■ **Problem to solve**:
After locating the line that contains "by rewrite Ey /= Kab Ps." in the records below, write out exactly that line and each line after it through the one that contains "apply/negP => /allpairsPdep[b", and nothing else.

■ **Available records**:
(* Let $G=\langle S_k\mid K\rangle$ be a finitely generated semigroup as described in the context, let $\mathcal{A}$ be a finite alphabet and let $X\subseteq\mathcal{A}^G$ be a tree shift. If $K$ is primitive, then for all $1\le i,j\le k$, \[ \limsup_{m\to\infty}\frac{\log p^{(s_i)}_m}{|\bar{\Delta}^{(s_i)}_m|}=\limsup_{m\to\infty}\frac{\log p^{(s_j)}_m}{|\bar{\Delta}^{(s_j)}_m|}, \] i.e. all the stem entropies $h^{(s_i)}(X)$, $1\le i\le k$, coincide (the stem entropy of $X$ exists).
   Context: Let $K$ be a $k\times k$ matrix with entries in $\{0,1\}$ indexed by $S_k=\{s_1,\dots,s_k\}$, and let $G=\langle S_k\mid K\rangle$ be the semigroup generated by $S_k$ subject to the relations $s_is_j=1_G$ if and only if $K(s_i,s_j)=0$ ($1_G$ the identity). Every $g\in G$ has a unique minimal representation $g=g_1g_2\cdots g_n$ with $g_l\in S_k$ and $K(g_l,g_{l+1})=1$; its length is $|g|=n$ (with $|1_G|=0$). For $g\in G$ and $n\ge0$ the $n$-semiball at $g$ is $\bar{\Delta}^{(g)}_n=\{gh: h\in G,\ |h|\le n,\ |gh|=|g|+|h|\}$. For a finite alphabet $\mathcal{A}$, a pattern is a map $u:H\to\mathcal{A}$ with $H\subset G$ finite; $u$ is accepted by $t\in\mathcal{A}^G$ if there is $g\in G$ with $t_{gh}=u_h$ for all $h\in H$. A tree shift is a subset $X\subseteq\mathcal{A}^G$ consisting of all $t$ that accept no pattern from some fixed set $\mathcal{F}$ of patterns. $p^{(g)}_n$ denotes the number of patterns $u\in\mathcal{A}^{\bar{\Delta}^{(g)}_n}$ accepted by some $t\in X$. The $i$th stem entropy is $h^{(s_i)}(X)=\limsup_{n\to\infty}\log p^{(s_i)}_n/|\bar{\Delta}^{(s_i)}_n|$. A nonnegative square matrix is primitive if some power of it has all entries positive. *)

From HB Require Import structures.
From mathcomp Require Import all_boot all_order all_algebra.
From mathcomp Require Import all_classical all_reals all_analysis.
Set Implicit Arguments. Unset Strict Implicit. Unset Printing Implicit Defensive.
Import Order.TTheory GRing.Theory Num.Theory.
Local Open Scope ring_scope.
Local Open Scope classical_set_scope.

Section Semigroup.
Variables (k : nat) (K : rel 'I_k).
(* K i j = true  <->  K(s_i,s_j) = 1 ;  K i j = false  <->  s_i s_j = 1_G *)

(* Elements of G = <S_k | K> : minimal (reduced) words g_1 ... g_n with
   K(g_l, g_{l+1}) = 1; the empty word is 1_G. *)
Definition G := {w : seq 'I_k | sorted K w}.

Definition one : G := exist _ [::] isT.
Definition gen (i : 'I_k) : G := exist _ [:: i] isT.
Definition len (g : G) : nat := size (val g).

(* right multiplication of a reduced word by a generator, using s_i s_j = 1
   iff K(s_i,s_j) = 0 *)
Definition push (w : seq 'I_k) (s : 'I_k) : seq 'I_k :=
  match w with
  | [::] => [:: s]
  | x :: w' => if K (last x w') s then rcons w s else belast x w'
  end.

Lemma path_belast x y s : path K x (y :: s) -> path K x (belast y s).
Proof.
elim: s x y => [|z s IH] x y //=.
by case/andP=> -> /IH ->.
Qed.

Lemma sorted_push w s : sorted K w -> sorted K (push w s).
Proof.
case: w => [|x w] //= Hw.
case: ifP => Hl.
  by rewrite /= rcons_path Hw Hl.
by case: w Hw {Hl} => [|y w] //= /path_belast.
Qed.

Lemma sorted_foldl_push w v : sorted K w -> sorted K (foldl push w v).
Proof. by elim: v w => [|s v IH] w //= Hw; apply/IH/sorted_push. Qed.

Definition mul (g h : G) : G :=
  exist _ (foldl push (val g) (val h)) (sorted_foldl_push (val h) (valP g)).

Definition ball_words (n : nat) : seq G :=
  pmap insub (flatten [seq [seq val t | t <- enum {: m.-tuple 'I_k}]
                       | m <- iota 0 n.+1]).

Definition semiball (g : G) (n : nat) : seq G :=
  undup [seq mul g h | h <- ball_words n & len (mul g h) == len g + len h].

Variable A : finType.

(* a pattern u : H -> A with H finite is given by (H, u) with H : seq G;
   it is accepted by t if t_{gh} = u_h for all h in H, for some g *)
Definition accepts (t : G -> A) (H : seq G) (u : G -> A) : Prop :=
  exists g : G, forall h, h \in H -> t (mul g h) = u h.

Definition is_tree_shift (X : set (G -> A)) : Prop :=
  exists F : set (seq G * (G -> A)),
    forall t, X t <-> (forall p, F p -> ~ accepts t p.1 p.2).

(* A pattern on D = semiball g n is identified with the vector of its values
   indexed by positions of the (duplicate-free) list D; acceptance
   (exists g', t_{g'h} = u_h for all h in D) is unfolded accordingly. *)
Definition npatterns (X : set (G -> A)) (g : G) (n : nat) : nat :=
  let D := semiball g n in
  #| [set f : {ffun 'I_(size D) -> A} |
       `[< exists t, X t /\
             exists g' : G, forall i : 'I_(size D), t (mul g' (nth one D i)) = f i >]] |.

Definition stem_entropy (R : realType) (X : set (G -> A)) (i : 'I_k) : \bar R :=
  limn_esup (fun m => (ln ((npatterns X (gen i) m)%:R : R)
                        / (size (semiball (gen i) m))%:R)%:E).

End Semigroup.

Definition Kmx (k : nat) (K : rel 'I_k) : 'M[int]_k :=
  \matrix_(i, j) (K i j)%:R.

Definition mxpow (k : nat) (M : 'M[int]_k) (m : nat) : 'M[int]_k :=
  iter m (fun B => M *m B) 1%:M.

Definition primitive (k : nat) (M : 'M[int]_k) : Prop :=
  exists m : nat, (0 < m)%N /\ forall i j : 'I_k, 0 < mxpow M m i j.

From Pilot Require Import Defs.
From HB Require Import structures.
From mathcomp Require Import all_boot all_order all_algebra.
From mathcomp Require Import all_classical all_reals all_analysis.
From mathcomp Require Import zify ring lra.
Set Implicit Arguments. Unset Strict Implicit. Unset Printing Implicit Defensive.
Import Order.TTheory GRing.Theory Num.Theory.

(* Let h_a be the limsup of r_a(n) = ln p_n(s_a) / w_a(n), where w_a(n) is the
   size of the n-semiball at s_a.  The semiball of radius n+1 at s_a is s_a
   together with the disjoint translates s_a.(semiball_n(s_b)) over the b with
   K(s_a,s_b) = 1, so w_a(n+1) = 1 + sum_b w_b(n) and
   p_{n+1}(s_a) <= |A| prod_b p_n(s_b).  Hence
     r_a(n+1) <= ln|A| / w_a(n+1) + sum_b (w_b(n) / w_a(n+1)) r_b(n),
   with weights summing to less than 1 and w_a(n) -> oo.  Primitivity of K
   bounds every weight w_b(n) / w_a(n+1) below by a positive constant, so if h_a
   is maximal and h_b < h_a for a successor b of a, then r_a is eventually below
   h_a by a fixed margin, which is absurd.  So the maximum propagates along the
   edges of K and, by primitivity, to every vertex. *)

Fixpoint reach_in (k : nat) (K : rel 'I_k) (m : nat) (b c : 'I_k) : bool :=
  if m is m'.+1 then [exists d, K b d && reach_in K m' d c] else b == c.

Lemma mxpow_reach_in k (K : rel 'I_k) m i j :
  mxpow (Kmx K) m i j != 0 -> reach_in K m i j.
Proof.
elim: m i => [|m IHm] i /=; first by rewrite mxE; case: (i == j).
rewrite mxE; apply: contraNT => /existsPn no_walk.
rewrite big1 // => d _; rewrite mxE.
case Kid: (K i d); last by rewrite mul0r.
have /negPn/eqP -> : ~~ (mxpow (Kmx K) m d j != 0).
  by apply: contra (no_walk d) => /IHm ->; rewrite Kid.
by rewrite mulr0.
Qed.

Section Semiballs.
Variables (k : nat) (K : rel 'I_k).
Local Notation G := (Defs.G K).
Local Notation push := (Defs.push K).
Local Notation mul := (Defs.mul (K := K)).
Local Notation gen := (Defs.gen K).
Local Notation semiball := (Defs.semiball (K := K)).
Local Arguments Defs.push : simpl never.

Lemma size_push w s : size (push w s) <= (size w).+1.
Proof.
rewrite /Defs.push; case: w => [|x w] //=; case: ifP => _; first by rewrite /= size_rcons.
by rewrite size_belast leqW.
Qed.

Lemma size_foldl_push w v : size (foldl push w v) <= size w + size v.
Proof.
elim: v w => [|s v IHv] w /=; first by rewrite addn0.
by rewrite (leq_trans (IHv _)) // addnS -addSn leq_add2r size_push.
Qed.

Lemma foldl_push_path x w v : path K (last x w) v ->
  foldl push (x :: w) v = x :: w ++ v.
Proof.
elim: v w => [|s v IHv] w /=; first by rewrite cats0.
case/andP=> Ks Pv; rewrite /Defs.push Ks rcons_cons IHv ?last_rcons //.
by rewrite cat_rcons.
Qed.

Lemma path_foldl_push x w v :
  size (foldl push (x :: w) v) = size (x :: w) + size v -> path K (last x w) v.
Proof.
elim: v w => [|s v IHv] w //=; rewrite /Defs.push; case: ifP => Ks.
  rewrite rcons_cons => Ev; rewrite /= -(last_rcons x w s) IHv //.
  by rewrite Ev /= size_rcons addnS.
move=> Ev; have := size_foldl_push (belast x w) v.
by rewrite Ev size_belast /=; lia.
Qed.

Lemma val_mul_gen a (h : G) : path K a (val h) -> val (mul (gen a) h) = a :: val h.
Proof. exact: (@foldl_push_path a [::]). Qed.

Lemma mem_ball_words n (h : G) : (h \in ball_words K n) = (len h <= n).
Proof.
rewrite /ball_words mem_pmap_sub; apply/flatten_mapP/idP.
  case=> m; rewrite mem_iota ltnS => m_le /mapP[t _ Eh].
  by rewrite /len Eh size_tuple.
move=> h_le; exists (len h); first by rewrite mem_iota ltnS.
by apply/mapP; exists (in_tuple (val h)); rewrite ?mem_enum.
Qed.

Lemma semiball_genP a n (x : G) :
  reflect (exists2 s, val x = a :: s & path K a s && (size s <= n))
          (x \in semiball (gen a) n).
Proof.
apply: (iffP idP).
  rewrite mem_undup => /mapP[h]; rewrite mem_filter mem_ball_words.
  case/andP=> /eqP Eh h_le ->.
  have Ph : path K a (val h) by exact: (@path_foldl_push a [::]).
  by exists (val h); rewrite ?val_mul_gen ?Ph.
case=> s Ex /andP[Ps s_le]; rewrite mem_undup; apply/mapP.
exists (exist _ s (path_sorted Ps) : G); last by apply: val_inj; rewrite Ex val_mul_gen.
by rewrite mem_filter mem_ball_words s_le /len val_mul_gen //= andbT; apply/eqP.
Qed.

Lemma gen_in_semiball a n : gen a \in semiball (gen a) n.
Proof. by apply/semiball_genP; exists [::]. Qed.

Definition semiball_split (a : 'I_k) (n : nat) : seq G :=
  gen a :: [seq mul (gen a) y | b <- [seq b <- enum 'I_k | K a b],
                                y <- semiball (gen b) n].

Lemma val_mul_gen_semiball a b n y : K a b -> y \in semiball (gen b) n ->
  val (mul (gen a) y) = a :: val y.
Proof.
by move=> Kab /semiball_genP[s Ey /andP[Ps _]]; rewrite val_mul_gen // Ey /= Kab.
Qed.

Lemma mem_semiball_split a n : semiball (gen a) n.+1 =i semiball_split a n.
Proof.
move=> x; rewrite inE; apply/semiball_genP/orP.
  case=> -[|b s] Ex /andP[Ps s_le]; [left | right].
    by apply/eqP/val_inj.
  case/andP: Ps => Kab Ps; apply/allpairsPdep.
  exists b, (exist _ (b :: s) Ps : G); split; first by rewrite mem_filter Kab mem_enum.
    by apply/semiball_genP; exists s => //; apply/andP.
  by apply: val_inj; rewrite Ex val_mul_gen //= Kab.
case=> [/eqP -> | /allpairsPdep[b [y [+ y_in ->]]]]; first by exists [::].
rewrite mem_filter => /andP[Kab _].
have [s Ey /andP[Ps s_le]] := semiball_genP _ _ _ y_in.
exists (val y); first exact: val_mul_gen_semiball Kab y_in.
by rewrite Ey /= Kab Ps.
Qed.

Lemma uniq_semiball_split a n : uniq (semiball_split a n).
Proof.
rewrite /semiball_split cons_uniq; apply/andP; split.
  apply/negP => /allpairsPdep[b [y [+ y_in /(congr1 (fun g : G => size (val g)))]]].
  rewrite mem_filter => /andP[Kab _]; have [s Ey _] := semiball_genP _ _ _ y_in.
  by rewrite (val_mul_gen_semiball Kab y_in) Ey.
apply: (@allpairs_uniq_dep _ (fun=> G)); first by rewrite filter_uniq ?enum_uniq.
  by move=> b _; exact: undup_uniq.
move=> _ _ /allpairsPdep[b1 [y1 [+ y1_in ->]]] /allpairsPdep[b2 [y2 [+ y2_in ->]]].
rewrite !mem_filter => /andP[Kab1 _] /andP[Kab2 _] /(congr1 val).
rewrite (val_mul_gen_semiball Kab1 y1_in) (val_mul_gen_semiball Kab2 y2_in).
case=> /val_inj Ey; subst y2.
have [s1 E1 _] := semiball_genP _ _ _ y1_in; have [s2 E2 _] := semiball_genP _ _ _ y2_in.
by move: E2; rewrite E1 => -[->].
Qed.

Lemma size_semiball_gen_succ a n : size (semiball (gen a) n.+1) =
  (\sum_(b | K a b) size (semiball (gen b) n)).+1.
Proof.
rewrite (perm_size (uniq_perm (undup_uniq _) (uniq_semiball_split a n)
                              (mem_semiball_split a n))).
by rewrite /= size_allpairs_dep sumnE big_map big_filter big_enum_cond.
Qed.

Lemma size_semiball_gen_gt0 a n : 0 < size (semiball (gen a) n).
Proof. by case: (semiball _ _) (gen_in_semiball a n). Qed.

End Semiballs.

Section Patterns.
Variables (k : nat) (K : rel 'I_k) (A : finType) (X : set (G K -> A)).
Local Notation G := (Defs.G K).
Local Notation one := (Defs.one K).
Local Notation mul := (Defs.mul (K := K)).
Local Notation gen := (Defs.gen K).
Local Notation semiball := (Defs.semiball (K := K)).

Definition accepted_patterns (D : seq G) : {set {ffun 'I_(size D) -> A}} :=
  [set f : {ffun 'I_(size D) -> A} |
     `[< exists t, X t /\ exists g : G,
           forall i : 'I_(size D), t (mul g (nth one D i)) = f i >]].

Definition npatterns_on (D : seq G) : nat := #|accepted_patterns D|.

Lemma npatternsE g n : npatterns X g n = npatterns_on (semiball g n).
Proof. by apply: eq_card => f; rewrite [in LHS]unfold_in inE; apply/asboolP/idP. Qed.

Definition window (t : G -> A) (g : G) (D : seq G) : {ffun 'I_(size D) -> A} :=
  [ffun i : 'I_(size D) => t (mul g (nth one D i))].

Lemma window_accepted t g D : X t -> window t g D \in accepted_patterns D.
Proof.
move=> Xt; rewrite inE; apply/asboolP.
by exists t; split => //; exists g => i; rewrite ffunE.
Qed.

Lemma accepted_patternsP D f : f \in accepted_patterns D ->
  exists t g, X t /\ f = window t g D.
Proof.
rewrite inE => /asboolP[t [Xt [g Ef]]].
by exists t, g; split; last by apply/ffunP => i; rewrite ffunE.
Qed.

■ **Task result**:
by rewrite Ey /= Kab Ps.
Qed.

Lemma uniq_semiball_split a n : uniq (semiball_split a n).
Proof.
rewrite /semiball_split cons_uniq; apply/andP; split.
  apply/negP => /allpairsPdep[b [y [+ y_in /(congr1 (fun g : G => size (val g)))]]].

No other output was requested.